The increase in scale and complexity of modern systems makes manual detection infeasible, and in the current industrial Internet environment, intelligent automatic detection of equipment anomalies is an urgent need in order to reduce the manual workload [6]. The log sequence is constructed, and the TF-IDF method is used to construct the feature vector, and then the CNN model is used to perform device anomaly detection [22] on the extracted features. At the same time, in order to reduce the communication overhead and resource allocation burden of the blockchain, the model rows need to be compressed to form a smaller network model before the model is uploaded by the computing device.

5.1. Industrial Equipment Anomaly Detection

With the rapid growth in the scale and complexity of modern systems, traditional manual detection approaches have been unable to fulfill the requirements of the current industrial Internet environment. In this context, intelligent and automatic detection of equipment anomalies has emerged as an urgent necessity, which can effectively alleviate the manual workload and enhance the detection efficiency and accuracy.

To achieve this objective, a diverse range of advanced technologies and approaches can be employed. Firstly, the working log of the computing device offers a detailed account of the events generated by the system. Nevertheless, traditional anomaly detection methods based on keywords or regular expressions do not yield satisfactory performance in sequential pattern-based anomaly detection. As modern systems expand in size and increase in complexity, manual detection becomes unfeasible. By constructing log sequences and utilizing the TF-IDF method to construct feature vectors, crucial information can be effectively extracted, laying a foundation for subsequent anomaly detection. The TF-IDF method can measure the relative significance of terms in a document and reduce the influence of common yet unimportant terms through an inverse document frequency, thereby enabling a more accurate identification of key terms in a document. This approach has many applications in document classification, keyword extraction, and recommender systems.

Next, a convolutional neural network (CNN) model was utilized to detect anomalies in the device based on the extracted features, which could further enhance the detection accuracy. The CNN model possesses distinct advantages in extracting abnormal waveform features, can handle nonlinear relationships, and has a flexible network structure design, which is suitable for various business scenarios and improves the universality and accuracy of the model.

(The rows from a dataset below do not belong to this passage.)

Lemma galois_invK : galois_inv ∘ galois = i2.
Proof.
  unfold galois_inv, galois; rassoc.
  rewrite (ptens_comp_in i1 D); drop_id.
  rewrite (ptens_split_lr D m); crewrite comulA_idr.
  rewrite ptens_id2l, ptensA; repeat fuse; drop_id.
  assert (antipode_mul : m ∘ (S ⊠ m) ∘ (D ⊠ i1) = eps ⊠ i1).
  { rewrite (ptens_split_lr S m); crewrite <- mulA.
    rewrite <- ptens_id11, <- ptensA; repeat fuse; drop_id.
    rewrite antipode_l, ptens_comp_l; crewrite unit_l; now drop_id. }
  rewrite antipode_mul, <- ptensA; fuse.
  rewrite counit_r; drop_id; apply ptens_id11.
Qed.

Lemma galoisK : galois ∘ galois_inv = i2.
Proof.
  unfold galois_inv, galois; rassoc.
  rewrite (ptens_comp_in i1 D); drop_id; rewrite (ptens_split_lr D m); rassoc.
  rewrite (ptens_comp_in i1 D); drop_id; rewrite (ptens_split_lr D (S ⊠ i1)); rassoc.
  crewrite comulA_idr.
  rewrite !ptens_id2l, ptensA; repeat fuse; drop_id.
  assert (mul_antipode : m ∘ (i1 ⊠ (m ∘ (S ⊠ i1))) ∘ (D ⊠ i1) = eps ⊠ i1).
  { rewrite ptens_comp_r; crewrite <- mulA; rewrite <- (ptensA i1 S i1); repeat fuse; drop_id.
    rewrite antipode_r, ptens_comp_l; crewrite unit_l; now drop_id. }
  rewrite mul_antipode, <- ptensA; fuse.
  rewrite counit_r; drop_id; apply ptens_id11.
Qed.

Lemma galois_frob_comul : galois ∘ frob_comul = L ⊠ i1.
Proof.
  assert (comul_antipode : (i1 ⊠ m) ∘ (i2 ⊠ S) ∘ (i1 ⊠ D) ∘ D ∘ L = (i1 ⊠ u) ∘ L).
  { rewrite ptens_id2l; repeat fuse; drop_id.
    rewrite antipode_r, ptens_comp_r; crewrite counit_r; now drop_id. }
  unfold galois, frob_comul, copairing; rassoc.
  rewrite (ptens_comp_in m D); drop_id; rewrite comul_mul, !ptens_comp_l; rassoc.
  rewrite (ptensA D D i1), (ptens_comp i1 D); drop_id.
  rewrite (ptens_comp_in i1 D); drop_id; rewrite (ptens_split_lr D S); crewrite comulA.
  rewrite (ptensA m m i1), (ptens_comp_in m i1); drop_id; rewrite mulA, ptens_prer; rassoc.
  assert (E : (i2 ⊠ (i1 ⊠ m)) ∘ ((i1 ⊠ (pbraid 1 1 ⊠ i1)) ⊠ i1)
              = (i1 ⊠ (pbraid 1 1 ⊠ i1)) ∘ (i2 ⊠ (i1 ⊠ m))).
  { rewrite <- (ptensA i2 i1 m), ptens_id21, <- (ptensA i1 (pbraid 1 1) i1),
      (ptensA (i1 ⊠ pbraid 1 1) i1 i1), ptens_id11, !ptens_comp; now drop_id. }
  crewrite E; rewrite (ptens_comp D i2); drop_id; rewrite comul_antipode.
  rewrite <- (ptens_id0r L) at 1; rewrite <- ptens_split_lr.
  rewrite (ptens_split_lr D (L ⊠ u)), ptens_id0r, <- ptens_id11, (ptensA i1 i1 (L ⊠ u)).
  rewrite (ptens_comp_in i1 i1); drop_id; rewrite <- (ptensA i1 L u), ptens_comp; drop_id.
  rewrite pbraid_nat, pbraid10; drop_id.
  rewrite (ptensA L i1 u), <- (ptensA i1 L (i1 ⊠ u)), (ptens_comp_in (i1 ⊠ L) m).
  rewrite integral_l, unit_r, ptens_comp_l; crewrite counit_l; now drop_id.
Qed.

5.2. Lightweight Model Pruning

Over-parameterization primarily implies that during the training phase, a significant number of differential solutions [23] in mathematics are necessary to capture minute variations in the data. Once the iterative training is accomplished, the network model does not require such a large number of parameters during inference. The pruning algorithm is founded on the theoretical basis of over-parameterization [24]. The core concept of the pruning algorithm is to decrease the quantity of parameters and computations in the network model while striving to ensure that the performance of the model remains unaffected. In the AI framework, the main effect of pruning is essentially to make the end-side model smaller, enabling small IoT devices such as tablets, phones, watches, headphones, etc., to effortlessly utilize the AI model [2,25]. From a macro perspective, pruning techniques are mainly categorized into two classic pruning algorithms, namely Drop Out and Drop Connect. In this paper, the drop-connect approach is employed for pruning, as shown in Figure 5.

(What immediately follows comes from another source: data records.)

(* Let $k\ge 2$ be an integer and let $F$ be a graph with chromatic number $\chi(F)=k+1$. For every $\varepsilon>0$ there exists $n_0$ such that every $F$-free graph $G$ on $n\ge n_0$ vertices satisfies \[ \sum_{v\in V(G)} d^2(v)\le \left(1-\frac{1}{k}+\varepsilon\right)^2 n^3. \]
   Context: All graphs are finite and simple; $d(v)$ denotes the degree of $v$. A graph is $F$-free if it contains no subgraph isomorphic to $F$. *)

From mathcomp Require Import all_boot all_order all_algebra.
From mathcomp Require Import reals.
Set Implicit Arguments. Unset Strict Implicit. Unset Printing Implicit Defensive.
Import Order.TTheory GRing.Theory Num.Theory.

Definition simple_graph (T : finType) (e : rel T) : Prop :=
  symmetric e /\ irreflexive e.

Definition deg (T : finType) (e : rel T) (v : T) : nat := #|[set w | e v w]|.

Definition colorable (T : finType) (e : rel T) (c : nat) : Prop :=
  exists f : T -> 'I_c, forall x y, e x y -> f x != f y.

Definition chromatic_number_is (T : finType) (e : rel T) (c : nat) : Prop :=
  colorable e c /\ forall c', colorable e c' -> c <= c'.

Definition contains_subgraph (TF : finType) (eF : rel TF)
    (TG : finType) (eG : rel TG) : Prop :=
  exists f : TF -> TG, injective f /\ forall x y, eF x y -> eG (f x) (f y).

Definition F_free (TF : finType) (eF : rel TF) (TG : finType) (eG : rel TG) : Prop :=
  ~ contains_subgraph eF eG.

(* Let α = 1 - 1/k + 1/q.  By induction on r, with a pigeonhole argument over
   the t-subsets of the parts, a large graph in which every vertex has degree at
   least (1 - 1/r + 1/(rq)) times the order contains the complete (r+1)-partite
   graph K_{r+1}(t).  Deleting vertices of small degree turns this into the
   bound α n^2 + O(n) on the degree sum of a graph without K_{k+1}(t); applied
   to blow-ups of G (vertex v replaced by x v copies), it bounds the quadratic
   form sum_{u ~ v} x u x v of an F-free G by about α (sum_v x v)^2.  Finally,
   for y v ~ m d(v) / (α n) the weights m + y and |m - y| satisfy
   (m + y u)(m + y v) + |m - y u| |m - y v| >= 2 m (y u + y v), so the two
   quadratic-form bounds control sum_v d(v) y v, hence sum_v d(v)^2 is at most
   (α^2 + o(1)) n^3. *)

From mathcomp Require Import all_boot all_order all_algebra.
From mathcomp Require Import reals.
From mathcomp Require Import zify ring lra.
Import Order.TTheory GRing.Theory Num.Theory.
Set Implicit Arguments. Unset Strict Implicit. Unset Printing Implicit Defensive.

Drop-Out: On the left of Figure 5, the output of the neuron is randomly set to zero.
Drop-Connect: In the process of training the neural network model, the right figure of Figure 5, the solid line is the input neuron under the retention, and the dotted line with red x is the redundant input neuron. Instead of randomly changing the output of the hidden layer node to 0, it changes the weight of each input connected to it in the node to 0, and the weight of the input neuron under the retention to 1.

Due to the limited carrying capacity of the blockchain on resource capacity, it is necessary to utilize the redundancy of neural network parameters and network structure to streamline the model. This enables us to obtain a model with fewer parameters and a more streamlined structure without affecting task completion. In a deep learning network model that extends from the convolutional layer to the fully connected layer has a large number of redundant parameters, with a large number of neurons’ activation value tending to 0. Moreover, the removal of these neurons can show the same expression ability of the model, with pruning algorithms being based on the theoretical basis of over-parameterization. In this paper, the connection between some neurons is randomly set to zero, which makes the weight connection matrix become sparse [11]. There are three main parts: training, pruning, and fine-tuning. Figure 6 and Algorithm 2 show model pruning, with the steps being as follows:

Pre-training. The network model is first trained to construct a baseline model for the pruning algorithm to obtain the original model trained on the specific underlying task.
Pruning. The magnitude of the weight values is ranked, and connections below a preset pruning threshold or ratio are removed to obtain the pruned network.
Fine-tuning. Fine-tune the pruned network to recover lost performance, and then continue with the second step, alternating in this order until the termination condition is satisfied, e.g., the accuracy drops within a certain range.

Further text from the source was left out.